OECD criticises Norway's climate efforts

This is the fourth time the OECD has conducted a major review of Norway’s efforts for climate and the environment.

Norway is in many areas a pioneer in climate and environmental issues. The take-up of electric vehicles is among the highest in the world and Norway has extensive hydropower. Around 50 percent of Norway’s energy supply is renewable.

However, the report concludes Norway is not doing enough to achieve its own goals and obligations, according to NRK. Among the findings, the report said:

  • Norway is on course towards cutting 20 percent of greenhouse gas emissions, not 55 percent as the government has promised. However, the Norwegian Parliament has since adopted a climate plan with measures to reduce emissions further.
  • There isn’t a comprehensive and adequate plan to cut greenhouse gas emissions in agriculture.
  • Norwegian exports of oil and gas contribute to large emissions.
  • The number of endangered species is increasing in Norway, partly due to land use for agriculture, forestry and development for roads and buildings.
  • Norway has one of the world’s highest material consumption and a high material footprint per capita.
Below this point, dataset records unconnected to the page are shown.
(* Let $\mathbf A$ be a finite relational structure with a majority polymorphism and a Maltsev polymorphism, and let $\mathcal A=\mathcal V(\mathrm{Alg}(\mathbf A))$. Let $\mathcal I=(V,\{\mathbb A_x\},\{R_{xy}\},w)$ be an instance of $\mathrm{CSP}(\mathcal A)$ as in the context with $|V|>1$, such that every domain $\mathbb A_x$ either has exactly one element or is subdirectly irreducible and prime. Then for every $x\in V$ there is a variable $y\ne x$ with $\theta_{xy}=0_{A_x}$, and for any such $y$ the relation $R_{yx}$ is the graph of a surjective homomorphism from $\mathbb A_y$ onto $\mathbb A_x$.
   Context: $\mathrm{Alg}(\mathbf A)$ is the algebra on $A$ whose operations are all polymorphisms of $\mathbf A$; $\mathcal V(\cdot)$ denotes the generated variety. An instance of $\mathrm{CSP}(\mathcal A)$ considered here is $(V,\{\mathbb A_x\}_{x\in V},\{R_{xy}\}_{(x,y)\in V^2},w)$: for each variable $x$ a finite algebra $\mathbb A_x\in\mathcal A$ with universe $A_x$; for each pair $(x,y)$ a binary relation $R_{xy}$ that is the universe of a subalgebra of $\mathbb A_x\times\mathbb A_y$, with $R_{xx}$ the equality relation $0_{A_x}$, $R_{yx}=R_{xy}^{-1}$, and for $x\ne y$, $R_{xy}$ subdirect (both projections onto). For $x\ne y$, $\theta_{xy}=\{(a,a')\in A_x^2\mid\exists b\in A_y:(a,b),(a',b)\in R_{xy}\}$, $\mu_x=\bigwedge_{y\ne x}\theta_{xy}$; $\mathbb A_x$ is prime if $\mu_x=0_{A_x}$. An algebra is subdirectly irreducible if it has at least two elements and the intersection of its nontrivial (non-equality) congruences is not the equality relation. *)

From mathcomp Require Import all_boot.
Set Implicit Arguments. Unset Strict Implicit. Unset Printing Implicit Defensive.

(* A finite relational structure: finite domain, finitely many relations
   (indexed by a finType), relation j of arity rar j. Tuples of length k
   are functions 'I_k -> domain. *)
Record rstruct := RStruct {
  rdom : finType;
  ridx : finType;
  rar : ridx -> nat;
  rrel : forall j : ridx, ('I_(rar j) -> rdom) -> Prop }.

Definition polymorphism (A : rstruct) (n : nat) (f : ('I_n -> rdom A) -> rdom A) : Prop :=
  forall (j : ridx A) (t : 'I_n -> 'I_(rar j) -> rdom A),
    (forall i, rrel (t i)) -> rrel (fun k => f (fun i => t i k)).

Definition tup3 (T : Type) (a b c : T) : 'I_3 -> T :=
  fun i => match nat_of_ord i with 0 => a | 1 => b | _ => c end.

Definition has_majority_polymorphism (A : rstruct) : Prop :=
  exists m : ('I_3 -> rdom A) -> rdom A, polymorphism m /\
    forall x y : rdom A, [/\ m (tup3 x x y) = x, m (tup3 x y x) = x & m (tup3 y x x) = x].

Definition has_maltsev_polymorphism (A : rstruct) : Prop :=
  exists p : ('I_3 -> rdom A) -> rdom A, polymorphism p /\
    forall x y : rdom A, p (tup3 x y y) = x /\ p (tup3 y y x) = x.

(* Signature of Alg(A): one operation symbol per polymorphism (of each arity). *)
Definition sig (A : rstruct) :=
  {n : nat & {f : ('I_n -> rdom A) -> rdom A | polymorphism f}}.
Definition sar {A : rstruct} (s : sig A) : nat := projT1 s.
Definition sop {A : rstruct} (s : sig A) : ('I_(sar s) -> rdom A) -> rdom A :=
  proj1_sig (projT2 s).
Arguments sop {A} s _.

Record algebra (A : rstruct) := Algebra {
  acar : finType;
  aop : forall s : sig A, ('I_(sar s) -> acar) -> acar }.
Arguments aop {A} a s _.

(* B is in V(Alg(A)) = HSP(Alg(A)): B is a homomorphic image (under h)
   of a subalgebra S of a power Alg(A)^I, I an arbitrary index type. *)
Definition in_variety (A : rstruct) (B : algebra A) : Prop :=
  exists (I : Type) (S : (I -> rdom A) -> Prop) (h : (I -> rdom A) -> acar B),
    [/\ (forall (s : sig A) (g : 'I_(sar s) -> I -> rdom A),
           (forall k, S (g k)) -> S (fun i => sop s (fun k => g k i))),
        (forall (s : sig A) (g : 'I_(sar s) -> I -> rdom A),
           (forall k, S (g k)) ->
           h (fun i => sop s (fun k => g k i)) = aop B s (fun k => h (g k))) &
        (forall b : acar B, exists g, S g /\ h g = b)].

Definition congruence (A : rstruct) (B : algebra A) (th : acar B -> acar B -> Prop) : Prop :=
  [/\ (forall a, th a a), (forall a b, th a b -> th b a),
      (forall a b c, th a b -> th b c -> th a c) &
      (forall (s : sig A) (g g' : 'I_(sar s) -> acar B),
          (forall k, th (g k) (g' k)) -> th (aop B s g) (aop B s g'))].

Definition subdirectly_irreducible (A : rstruct) (B : algebra A) : Prop :=
  1 < #|acar B| /\
  exists a b : acar B, a <> b /\
    forall th, congruence th -> ~ (forall c d, th c d <-> c = d) -> th a b.

Definition hom (A : rstruct) (B C : algebra A) (f : acar B -> acar C) : Prop :=
  forall (s : sig A) (g : 'I_(sar s) -> acar B), f (aop B s g) = aop C s (fun k => f (g k)).

Definition subuniverse2 (A : rstruct) (B C : algebra A) (R : acar B -> acar C -> Prop) : Prop :=
  forall (s : sig A) (g : 'I_(sar s) -> acar B) (g' : 'I_(sar s) -> acar C),
    (forall k, R (g k) (g' k)) -> R (aop B s g) (aop C s g').

Definition theta (A : rstruct) (V : finType) (D : V -> algebra A)
    (R : forall x y : V, acar (D x) -> acar (D y) -> Prop)
    (x y : V) (a a' : acar (D x)) : Prop :=
  exists b : acar (D y), R x y a b /\ R x y a' b.
Arguments theta {A V D} R x y a a'.

Definition prime_dom (A : rstruct) (V : finType) (D : V -> algebra A)
    (R : forall x y : V, acar (D x) -> acar (D y) -> Prop) (x : V) : Prop :=
  forall a a' : acar (D x), (forall y, y <> x -> theta R x y a a') <-> a = a'.
Arguments prime_dom {A V D} R x.

(** For y <> x the relation theta_xy is the kernel of the projection of R_xy
    onto A_y, and the Maltsev polymorphism makes it transitive, so it is a
    congruence of A_x.  If A_x is subdirectly irreducible and prime, these
    congruences meet in the equality relation, which is impossible unless one
    of them already is the equality relation, since the monolith lies below
    every non-trivial congruence.  Once theta_xy is the equality relation,
    R_xy relates each element of A_y to exactly one element of A_x, so R_yx is
    the graph of a map; this map is a homomorphism because R_xy is a
    subuniverse, and it is onto because R_xy is subdirect. *)

From mathcomp Require Import all_boot.
From Stdlib Require Import Classical ClassicalEpsilon FunctionalExtensionality.
Set Implicit Arguments. Unset Strict Implicit.

Lemma tup3_ind (T : Type) (P : T -> Prop) (a b c : T) :
  P a -> P b -> P c -> forall k : 'I_3, P (tup3 a b c k).
Proof. by move=> Pa Pb Pc k; rewrite /tup3; case: (nat_of_ord k) => [|[|n]]. Qed.

Lemma tup3_ind2 (T U : Type) (P : T -> U -> Prop) (a b c : T) (a' b' c' : U) :
  P a a' -> P b b' -> P c c' -> forall k : 'I_3, P (tup3 a b c k) (tup3 a' b' c' k).
Proof. by move=> Pa Pb Pc k; rewrite /tup3; case: (nat_of_ord k) => [|[|n]]. Qed.

Lemma tup3_map (T U : Type) (h : T -> U) (a b c : T) :
  (fun k : 'I_3 => h (tup3 a b c k)) = tup3 (h a) (h b) (h c).
Proof.
by apply: functional_extensionality => k; rewrite /tup3; case: (nat_of_ord k) => [|[|n]].
Qed.

Lemma tup3_app (T U : Type) (g1 g2 g3 : T -> U) (i : T) :
  (fun k : 'I_3 => tup3 g1 g2 g3 k i) = tup3 (g1 i) (g2 i) (g3 i).
Proof.
by apply: functional_extensionality => k; rewrite /tup3; case: (nat_of_ord k) => [|[|n]].
Qed.

Section Maltsev.

Variable A : rstruct.

Definition maltsev_sig (p : ('I_3 -> rdom A) -> rdom A) (Hp : polymorphism p) : sig A :=
  existT _ 3 (exist _ p Hp).

Definition maltsev_op (B : algebra A) (p : ('I_3 -> rdom A) -> rdom A) (Hp : polymorphism p) :=
  forall b b' : acar B,
    aop B (maltsev_sig Hp) (tup3 b b' b') = b /\ aop B (maltsev_sig Hp) (tup3 b' b' b) = b.

Lemma maltsev_op_in_variety (p : ('I_3 -> rdom A) -> rdom A) (Hp : polymorphism p) :
  (forall x y : rdom A, p (tup3 x y y) = x /\ p (tup3 y y x) = x) ->
  forall B : algebra A, in_variety B -> maltsev_op B Hp.
Proof.
move=> Hid B [I [S [h [_ Hh Hsurj]]]] b b'.
have [g [Sg <-]] := Hsurj b; have [g' [Sg' <-]] := Hsurj b'.
have h_tup3 u v w : S u -> S v -> S w ->
    aop B (maltsev_sig Hp) (tup3 (h u) (h v) (h w)) = h (fun i => p (tup3 (u i) (v i) (w i))).
  move=> Su Sv Sw; rewrite -(tup3_map h) -Hh; last exact: tup3_ind.
  by congr h; apply: functional_extensionality => i; rewrite /sop /= tup3_app.
rewrite !h_tup3 //; split; congr h; apply: functional_extensionality => i;
  by case: (Hid (g i) (g' i)).
Qed.

End Maltsev.

Section KernelOfRelation.

Variables (A : rstruct) (B C : algebra A) (Q : acar B -> acar C -> Prop).
Hypothesis Qsub : subuniverse2 Q.

Definition rel_kernel (a a' : acar B) : Prop := exists c, Q a c /\ Q a' c.

Lemma rel_kernel_congruence (p : ('I_3 -> rdom A) -> rdom A) (Hp : polymorphism p) :
  maltsev_op B Hp -> maltsev_op C Hp -> (forall a, exists c, Q a c) ->
  congruence rel_kernel.
Proof.
move=> malB malC Qtotal; split.
- by move=> a; have [c Hc] := Qtotal a; exists c.
- by move=> a a' [c [Hac Ha'c]]; exists c.
- move=> a a' a'' [c [Hac Ha'c]] [c' [Ha'c' Ha''c']]; exists c'; split=> //.
  (* apply the Maltsev operation to the pairs (a,c), (a',c), (a',c') *)
  have := @Qsub (maltsev_sig Hp) (tup3 a a' a') (tup3 c c c').
  by rewrite (proj1 (malB a a')) (proj2 (malC c' c)); apply; apply: tup3_ind2.
- move=> t g g' gg'.
  have [w Hw] : exists w : 'I_(sar t) -> acar C, forall k, Q (g k) (w k) /\ Q (g' k) (w k).
    exists (fun k => proj1_sig (constructive_indefinite_description _ (gg' k))).
    by move=> k; exact: proj2_sig (constructive_indefinite_description _ (gg' k)).
  by exists (aop C t w); split; apply: Qsub => k; case: (Hw k).
Qed.

Lemma trivial_kernel_graph :
  (forall c, exists a, Q a c) -> (forall a a', rel_kernel a a' -> a = a') ->
  exists f : acar C -> acar B, hom f /\ forall c a, Q a c <-> a = f c.
Proof.
move=> Qonto Qinj.
pose f c := proj1_sig (constructive_indefinite_description _ (Qonto c)).
have Qf c : Q (f c) c by exact: proj2_sig (constructive_indefinite_description _ (Qonto c)).
have Q_graph c a : Q a c <-> a = f c by split=> [Qac|->]; first by apply: Qinj; exists c.
exists f; split=> // t g.
by symmetry; apply/Q_graph/Qsub => k; exact: Qf.
Qed.

End KernelOfRelation.

Lemma card1_reflexive_eq (T : finType) (th : T -> T -> Prop) :
  #|T| = 1 -> (forall a, th a a) -> forall a a', th a a' <-> a = a'.
Proof.
move=> T1 threfl a a'; split=> [_|<-] //.
by have /card_le1_eqP := eq_leq T1; apply.
Qed.

Lemma subdirectly_irreducible_meet_eq (A : rstruct) (B : algebra A)
    (J : Type) (P : J -> Prop) (th : J -> acar B -> acar B -> Prop) :
  subdirectly_irreducible B -> (forall j, P j -> congruence (th j)) ->
  (forall a a', (forall j, P j -> th j a a') -> a = a') ->
  exists j, P j /\ forall a a', th j a a' <-> a = a'.
Proof.
move=> [_ [m [m' [mm' below_all]]]] thcong meet_eq.
apply: NNPP => no_eq; apply: mm'; apply: meet_eq => j Pj.
apply: below_all; first exact: thcong.
by move=> th_eq; apply: no_eq; exists j.
Qed.

Lemma exists_neq (T : finType) (x : T) : 1 < #|T| -> exists y, y <> x.
Proof.
move=> /card_gt1P [x1 [x2 [_ _ /eqP x12]]].
case: (eqVneq x1 x) => [x1x|/eqP]; last by exists x1.
by exists x2 => x2x; apply: x12; rewrite x1x x2x.
Qed.

Theorem mainTheorem7
  (A : rstruct)
  (Hmaj : has_majority_polymorphism A)
  (Hmal : has_maltsev_polymorphism A)
  (V : finType) (D : V -> algebra A)
  (R : forall x y : V, acar (D x) -> acar (D y) -> Prop)
  (HDvar : forall x, in_variety (D x))
  (HRsub : forall x y, subuniverse2 (R x y))
  (HReq : forall x (a b : acar (D x)), R x x a b <-> a = b)
  (HRinv : forall x y (a : acar (D x)) (b : acar (D y)), R y x b a <-> R x y a b)
  (HRsubdirect : forall x y, x <> y ->
      (forall a, exists b, R x y a b) /\ (forall b, exists a, R x y a b))
  (HV : 1 < #|V|)
  (Hdom : forall x, #|acar (D x)| = 1 \/
                    (subdirectly_irreducible (D x) /\ prime_dom R x)) :
  forall x : V,
    (exists y, y <> x /\ forall a a', theta R x y a a' <-> a = a') /\
    (forall y, y <> x -> (forall a a', theta R x y a a' <-> a = a') ->
       exists f : acar (D y) -> acar (D x),
         [/\ hom f, (forall a, exists b, f b = a) &
             (forall b a, R y x b a <-> a = f b)]).
Proof.
move=> x.
have [p [Hp Hid]] := Hmal.
have mal := maltsev_op_in_variety Hp Hid.
have theta_cong y : y <> x -> congruence (theta R x y).
  move=> yx; apply: (rel_kernel_congruence (HRsub x y) (mal _ (HDvar x)) (mal _ (HDvar y))).
  exact: (HRsubdirect x y (nesym yx)).1.
split.
- case: (Hdom x) => [Dx1|[Dsi Dprime]].
  + have [y yx] := exists_neq x HV.
    by exists y; split=> //; apply: card1_reflexive_eq => //; case: (theta_cong y yx).
  + by apply: (subdirectly_irreducible_meet_eq Dsi theta_cong) => a a' /Dprime.
- move=> y yx theta_eq.
  have [Rtotal Ronto] := HRsubdirect x y (nesym yx).
  have [f [fhom Rgraph]] := trivial_kernel_graph (HRsub x y) Ronto (fun a a' => (theta_eq a a').1).
  exists f; split=> // [a|b a]; last by rewrite HRinv.
  by have [b /Rgraph ->] := Rtotal a; exists b.
Qed.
Norwegian oil and agricultural policy in particular is criticised in the report. The OECD is now asking Norway to get an overview of all the subsidies the state provides directly and indirectly for the extraction of oil and gas, and to base oil investments in line with the goals in the Paris Agreement.

Norway should also make a plan for how to phase out the production of fossil energy, according to the report.

“The OECD does not say that we should come up with an end date. What they remind us of, is that we must prepare for the fact that oil and gas demand will fall in the long run. We are fully aware of that,” Minister of Climate and Environment Espen Barth Eide told NRK.

In agriculture, the OECD calls for Norway to spend less money on income and production in agriculture, and more on support schemes for farmers who want to make agriculture more climate and environmentally friendly.

Regarding waste, the report states that Norway is not on the right track when it comes to having economic growth without it leading to similar growth in the waste that is created. In 2019, Norwegian waste production reached a record high of 12.2 million tonnes, according to NRK.

The OECD proposes stronger incentives to reverse the trend of increased waste production. 

“Norway has the capabilities and financial means to be able to accelerate a transition both within its own borders and abroad. Despite progress in many areas, the country faces a number of challenges, including in terms of sustainable consumption and diversity protection”, the report states.

Minister of Climate and Environment Espen Barth Eide calls the OECD report a useful tool in the work of achieving the Norwegian climate and environmental goals.